Deep generation of electronic music

View/ Open
Keywords
GAN ; Generative Adversarial Network ; AI ; Deep learning ; Music generationAbstract
Τhe goal of this thesis is to explore the generation of electronic music through the utilization of Deep Learning techniques.
The challenge of algorithmically generating music lies in creating authentic and aesthetically pleasing compositions that resonate with listeners. Music is deeply human, rooted in emotion and culture, while algorithms lack this understanding. This project aims to bridge technology and art by providing musicians with tools to explore new expressions and spark creativity. By finding a balance between technology and human emotion, it seeks to enrich musical innovation and inspire new compositions.
To do that, the path we have chosen is by making our own dataset which consists of images that represent the original music. These images are called spectrograms and they are a 2D representation of a sound, essentially a graph, where the horizontal axis represents time and the vertical axis represents frequency. To address this challenge, Generative Adversarial Networks (GANs) are employed as the modeling approach. GANs are a class of deep learning algorithms that have shown promise in generating realistic images and, by extension, spectrograms. The methodology involves training DCGANs on the dataset of spectrograms to learn the underlying patterns and structures of electronic music.
Generative Adversarial Networks (GANs) consist of two networks, the Generator and the Discriminator, engaged in a competitive, zero-sum game. Known as minimax in game theory, each network aims to outperform the other: the Generator generates "fake" images, while the Discriminator discerns between "real" and "fake" ones.
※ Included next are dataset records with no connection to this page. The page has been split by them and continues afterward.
(* Let $B$ be a brace such that $B=\operatorname{Soc}_n(B)$ for some $n\in\mathbb{N}$. If the group $(B,\cdot)$ is supersoluble, then $B$ is supersoluble.
   Context: A brace (skew left brace) is a set $B$ with two binary operations $+$ and $\cdot$ such that $(B,+)$ and $(B,\cdot)$ are groups and $a(b+c)=ab-a+ac$ for all $a,b,c\in B$. $\lambda_a(b)=-a+ab$ defines a homomorphism $\lambda\colon(B,\cdot)\to\operatorname{Aut}(B,+)$. An ideal is a subset that is a subgroup of both groups, normal in both, and invariant under all $\lambda_b$; quotients by ideals are braces. $\operatorname{Soc}(B)=\operatorname{Ker}\lambda\cap Z(B,+)$; $\operatorname{Soc}_0(B)=\{0\}$, $\operatorname{Soc}_{k+1}(B)/\operatorname{Soc}_k(B)=\operatorname{Soc}(B/\operatorname{Soc}_k(B))$. A brace $B$ is supersoluble if there is a finite chain of ideals $\{0\}=I_0\le\dots\le I_m=B$ such that for each $i$, either $(I_{i+1}/I_i,+)$ is infinite cyclic and $I_{i+1}/I_i\le\operatorname{Soc}(B/I_i)$, or $I_{i+1}/I_i$ has prime order. A group is supersoluble in the usual sense (finite normal series with cyclic factors). *)

(* skew left braces over an arbitrary (possibly infinite) carrier. *)
From Stdlib Require Import ZArith Znumtheory.

Record brace := Brace {
  carrier :> Type;
  add : carrier -> carrier -> carrier;
  opp : carrier -> carrier;
  zero : carrier;
  mul : carrier -> carrier -> carrier;
  inv : carrier -> carrier;
  one : carrier;
  addA : forall a b c, add a (add b c) = add (add a b) c;
  add0l : forall a, add zero a = a;
  add0r : forall a, add a zero = a;
  addNl : forall a, add (opp a) a = zero;
  addNr : forall a, add a (opp a) = zero;
  mulA : forall a b c, mul a (mul b c) = mul (mul a b) c;
  mul1l : forall a, mul one a = a;
  mul1r : forall a, mul a one = a;
  mulVl : forall a, mul (inv a) a = one;
  mulVr : forall a, mul a (inv a) = one;
  brace_comp : forall a b c,
    mul a (add b c) = add (add (mul a b) (opp a)) (mul a c)
}.

Arguments add {_}. Arguments opp {_}. Arguments zero {_}.
Arguments mul {_}. Arguments inv {_}. Arguments one {_}.

Section Defs.
Variable B : brace.

Definition lam (a b : B) : B := add (opp a) (mul a b).

Definition zmul (g : B) (k : Z) : B :=
  match k with
  | Z0 => zero
  | Zpos p => Nat.iter (Pos.to_nat p) (fun y => add g y) zero
  | Zneg p => opp (Nat.iter (Pos.to_nat p) (fun y => add g y) zero)
  end.

Definition zpow (g : B) (k : Z) : B :=
  match k with
  | Z0 => one
  | Zpos p => Nat.iter (Pos.to_nat p) (fun y => mul g y) one
  | Zneg p => inv (Nat.iter (Pos.to_nat p) (fun y => mul g y) one)
  end.

Definition subset_of := B -> Prop.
As the Generator seeks to deceive the Discriminator and the Discriminator tries not to be fooled, both networks improve, resulting in the generation of increasingly realistic images.
The methods under examination revolve around the training and optimization of Deep Convolutional Generative Adversarial Networks (DCGANs), which are essentially GANs whose both the Generator and the Discriminator have Convolutional layers in their architectures.
These spectrograms are then converted back into audio, which was the goal all along. To evaluate how realistic the generated sound is, a questionnaire was distributed for people to answer, where participants are asked to find which one of the songs they heard is AI-generated.
In conclusion, this thesis showcases the potential of DCGANs in the domain of electronic music generation. Despite the inherent limitations that GANs can have, our experimental results demonstrate that our models successfully generated music closely resembling the compositions in our dataset, achieving a realistic sound output.